Purpose: The purpose of this study was to investigate the clinical and genetic characteristics of the retinitis pigmentosa GTPase regulatory factor gene (RPGR) in a Chinese cohort. Methods: A retrospective analysis was performed on 80 subjects with RPGR-retinal dystrophy (RPGR-RD) for detailed genetic and clinical characterization. The panel-based next-generation sequencing of 792 causative genes involved in common genetic eye diseases was conducted in all individuals, followed by clinical variant interpretation. Information, including age, sex, geographic distribution, family history, consanguineous marriage, age at symptom onset, disease duration, best corrected visual acuity (BCVA), and complete ophthalmologic examination results, was collected. Results: This cohort (41 men and 39 women) included 26 families (26 probands and their available family members) and 13 sporadic cases. The average age of these participants was 36.35 ± 17.68 years, and the majority of the families were from eastern China (28 families, 71.79%). The average duration of disease in the probands was 22.68 ± 15.80 years. In addition, the average BCVA values of the right and left eyes in the probands were 0.96 ± 0.77 and 1.00 ± 0.77, respectively. A total of 34 RPGR variants were identified, including 6 reported variants and 28 novel variants. Among these variants, NM_001034853.1: c.2899_2902delGAAG and c.2744_2745ins24 were considered de novo variants. The majority of the RPGR variants were classified as likely pathogenic, accounting for 70.59% of the variants (24 variants). The most common nucleotide and amino acid changes identified in this study were deletions (16 variants, 45.06%) and frameshifts (17 variants, 50.00%), respectively.
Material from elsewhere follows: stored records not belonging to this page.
Lemma sup_conn (f : T -> R) o c : A !=set0 -> has_ubound (f @` A) ->
  sup [set conn o (f t) c | t in A] = conn o (sup (f @` A)) c.
Proof.
move=> [t0 At0] [M ubM].
have fA0 : f @` A !=set0 by exists (f t0), t0.
have ub_sup t : A t -> f t <= sup (f @` A).
  by move=> At; apply: ub_le_sup; [exists M | exists t].
have ubC : has_ubound [set conn o (f t) c | t in A].
  by exists (conn o M c) => _ [t At <-]; apply: ler_conn => //; apply: ubM; exists t.
have ub_supC t : A t -> conn o (f t) c <= sup [set conn o (f t) c | t in A].
  by move=> At; apply: ub_le_sup => //; exists t.
apply/eqP; rewrite eq_le; apply/andP; split.
  apply: ge_sup; first by exists (conn o (f t0) c), t0.
  by move=> _ [t At <-]; apply: ler_conn => //; apply: ub_sup.
case: o {ubC} ub_supC => ub_supC; rewrite /conn.
  rewrite ge_max; apply/andP; split; last first.
    by apply: le_trans (ub_supC t0 At0); rewrite le_max lexx orbT.
  apply: ge_sup => // _ [t At <-].
  by apply: le_trans (ub_supC t At); rewrite le_max lexx.
(* if the min exceeded the sup, some [f t] would exceed it too *)
rewrite leNgt; apply/negP; rewrite lt_min => /andP[lt_f lt_c].
have [_ [t At <-] lt_ft] := sup_gt fA0 lt_f.
by have := ub_supC t At; rewrite leNgt lt_min lt_ft lt_c.
Qed.

Lemma inf_conn (f : T -> R) o c : A !=set0 -> has_lbound (f @` A) ->
  inf [set conn o (f t) c | t in A] = conn o (inf (f @` A)) c.
Proof.
move=> A0 [m lbm]; rewrite /inf !image_comp.
rewrite (eq_imagel (f' := fun t => conn (~~ o) (- f t) (- c))); last first.
  by move=> t _; rewrite /= oppr_conn.
rewrite sup_conn // ?oppr_conn ?negbK ?opprK //.
by exists (- m) => _ [t At <-]; rewrite /= lerNl opprK; apply: lbm; exists t.
Qed.

Lemma quant_conn (f : T -> R) q o c :
  A !=set0 -> (forall t, A t -> 0 <= f t <= 1) ->
  quant q [set conn o (f t) c | t in A] = conn o (quant q (f @` A)) c.
Proof.
move=> A0 f01; case: q => /=.
  by apply: sup_conn => //; exists 1 => _ [t /f01 /andP[_ ?] <-].
by apply: inf_conn => //; exists 0 => _ [t /f01 /andP[? _] <-].
Qed.

End Images.
End Connectives.

Section Semantics.
Variables (AP : finType) (V : eqType) (R : realType).
Implicit Types (phi : qf AP V) (psi : bform AP V) (Pi : assignment AP V R).

Definition trace_assignment Pi := forall x t, Pi x = Some t -> is_trace t.

Lemma trace_assignment_suffix Pi i :
  trace_assignment Pi -> trace_assignment (asuffix Pi i).
Proof.
move=> HPi x t; rewrite /asuffix; case Ex: (Pi x) => [t'|] //= [<-] j p.
exact: (HPi x t' Ex).
Qed.

Lemma trace_assignment_update Pi x t :
  trace_assignment Pi -> is_trace t -> trace_assignment (aupdate Pi x t).
Proof. by move=> HPi Ht y t'; rewrite /aupdate; case: eqP => _; [case=> <- | apply: HPi]. Qed.

Lemma eval_qf_in01 phi Pi : trace_assignment Pi -> 0 <= eval_qf phi Pi <= 1.
Proof.
elim: phi Pi => [p x|p IH|p1 IH1 p2 IH2|p IH|p1 IH1 p2 IH2] Pi HPi /=.
- rewrite /atom_val; case Ex: (Pi x) => [t|]; [exact: (HPi x t Ex) | by rewrite lexx ler01].
- by have /andP[? ?] := IH Pi HPi; apply/andP; split; lra.
- exact: (conn_in01 true (IH1 Pi HPi) (IH2 Pi HPi)).
- exact/IH/trace_assignment_suffix.
- apply: sup_between => [|_ [i _ <-]]; first by eexists; exists 0%N.
  apply: (conn_in01 false); first exact/IH2/trace_assignment_suffix.
  elim/big_ind: _ => [|a b|j _]; first by rewrite ler01 lexx.
    exact: (conn_in01 false).
  exact/IH1/trace_assignment_suffix.
Qed.

Lemma eq_eval_QUntil a1 a2 b1 b2 Pi Pi' :
  (forall i, eval_qf a1 (asuffix Pi i) = eval_qf b1 (asuffix Pi' i)) ->
  (forall i, eval_qf a2 (asuffix Pi i) = eval_qf b2 (asuffix Pi' i)) ->
  eval_qf (QUntil a1 a2) Pi = eval_qf (QUntil b1 b2) Pi'.
Proof.
move=> E1 E2 /=; do 2 f_equal; apply: funext => i.
by rewrite E2; congr Num.min; apply: eq_bigr => j _; rewrite E1.
Qed.

Lemma eval_qf_ext phi Pi Pi' :
  {in fv_qf phi, Pi =1 Pi'} -> eval_qf phi Pi = eval_qf phi Pi'.
Proof.
elim: phi Pi Pi' => [p x|p IH|p1 IH1 p2 IH2|p IH|p1 IH1 p2 IH2] Pi Pi' eqPi /=.
- by rewrite /atom_val eqPi // mem_seq1.
- by rewrite (IH Pi Pi').
- by rewrite (IH1 Pi Pi') ?(IH2 Pi Pi') // => z z_fv; rewrite eqPi // mem_cat z_fv ?orbT.
- by apply: IH => z z_fv; rewrite /asuffix eqPi.
- by apply: eq_eval_QUntil => i; [apply: IH1 | apply: IH2] => z z_fv;
    rewrite /asuffix eqPi // mem_cat z_fv ?orbT.
Qed.

Lemma eval_ext (T : set (trace AP R)) psi Pi Pi' :
  {in fv psi, Pi =1 Pi'} -> eval T psi Pi = eval T psi Pi'.
Proof.
elim: psi Pi Pi' => [x g IH|x g IH|g IHg h IHh|g IHg h IHh|phi] Pi Pi' eqPi /=.
- congr sup; apply: eq_imagel => t _; apply: IH => z z_fv; rewrite /aupdate.
  by case: eqP => // /eqP zx; rewrite eqPi // mem_filter zx z_fv.
- congr inf; apply: eq_imagel => t _; apply: IH => z z_fv; rewrite /aupdate.
  by case: eqP => // /eqP zx; rewrite eqPi // mem_filter zx z_fv.
- by rewrite (IHg Pi Pi') ?(IHh Pi Pi') // => z z_fv; rewrite eqPi // mem_cat z_fv ?orbT.
- by rewrite (IHg Pi Pi') ?(IHh Pi Pi') // => z z_fv; rewrite eqPi // mem_cat z_fv ?orbT.
- exact: eval_qf_ext.
Qed.

Fixpoint qf_rename (s : V -> V) phi : qf AP V :=
  match phi with
  | QAtom a x => QAtom a (s x)
  | QNeg p => QNeg (qf_rename s p)
  | QOr p1 p2 => QOr (qf_rename s p1) (qf_rename s p2)
  | QNext p => QNext (qf_rename s p)
  | QUntil p1 p2 => QUntil (qf_rename s p1) (qf_rename s p2)
  end.

Lemma fv_qf_rename s phi : fv_qf (qf_rename s phi) = map s (fv_qf phi).
Proof. by elim: phi => //= [p1 -> p2 ->|p1 -> p2 ->]; rewrite map_cat. Qed.

Lemma eval_qf_rename s phi Pi : eval_qf (qf_rename s phi) Pi = eval_qf phi (Pi \o s).
Proof.
elim: phi Pi => [a x|p IH|p1 IH1 p2 IH2|p IH|p1 IH1 p2 IH2] Pi //=.
- by rewrite IH.
- by rewrite IH1 IH2.
- by apply: eq_eval_QUntil => i; rewrite ?IH1 ?IH2.
Qed.

Variables (T : set (trace AP R)) (T0 : T !=set0) (HT : forall t, T t -> is_trace t).

Lemma eval_in01 psi Pi : trace_assignment Pi -> 0 <= eval T psi Pi <= 1.
Proof.
elim: psi Pi => [x g IH|x g IH|g IHg h IHh|g IHg h IHh|phi] Pi HPi /=.
- apply: sup_between => [|_ [t Tt <-]]; first by case: T0 => t Tt; eexists; exists t.
  exact/IH/trace_assignment_update/HT.
- apply: inf_between => [|_ [t Tt <-]]; first by case: T0 => t Tt; eexists; exists t.
  exact/IH/trace_assignment_update/HT.
- exact: (conn_in01 true (IHg Pi HPi) (IHh Pi HPi)).
- exact: (conn_in01 false (IHg Pi HPi) (IHh Pi HPi)).
- exact: eval_qf_in01.
Qed.

End Semantics.

Inductive shuffle {A : Type} : seq A -> seq A -> seq A -> Prop :=
| shuffle_nil : shuffle [::] [::] [::]
| shuffle_consl a s1 s2 s : shuffle s1 s2 s -> shuffle (a :: s1) s2 (a :: s)
| shuffle_consr a s1 s2 s : shuffle s1 s2 s -> shuffle s1 (a :: s2) (a :: s).

Lemma shuffle0s {A : Type} (s : seq A) : shuffle [::] s s.
Proof. by elim: s => [|a s IH]; constructor. Qed.

Lemma shuffles0 {A : Type} (s : seq A) : shuffle s [::] s.
Proof. by elim: s => [|a s IH]; constructor. Qed.

Lemma perm_shuffle {A : eqType} (s1 s2 s : seq A) : shuffle s1 s2 s -> perm_eq s (s1 ++ s2).
Proof.
elim=> //= [a t1 t2 t _ IH|a t1 t2 t _ IH]; first by rewrite perm_cons.
by rewrite -[a :: t2]cat1s perm_sym perm_catCA /= perm_cons perm_sym.
Qed.

Section Prefixes.
Variables (AP : finType) (V : eqType).
Implicit Types (g h : bform AP V) (m : qf AP V) (p : seq (bool * V)).

Definition bquant (q : bool) (x : V) g : bform AP V := if q then BEx x g else BAll x g.

Definition bconn (o : bool) g h : bform AP V := if o then BOr g h else BAnd g h.

(* [qf] has no conjunction: it is encoded by De Morgan. *)
Definition qf_conn (o : bool) (m1 m2 : qf AP V) : qf AP V :=
  if o then QOr m1 m2 else QNeg (QOr (QNeg m1) (QNeg m2)).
Genetic analysis revealed that these RPGR variants were distributed in 10 different subregions of RPGR, and 70.59% of the RPGR variants (24 variants) were located in exon 15. Four RPGR variants, NM_001034853.1: c.2405_2406delAG, c.1345C > T, c.2218G > T and c.2236_2237delGA, occurred at a very high frequency of 28.21% (11 families) among 39 unrelated families. Conclusion: This study expands the known mutational spectrum of RPGR, and we provide a new reference for the genetic diagnosis of RPGR variants.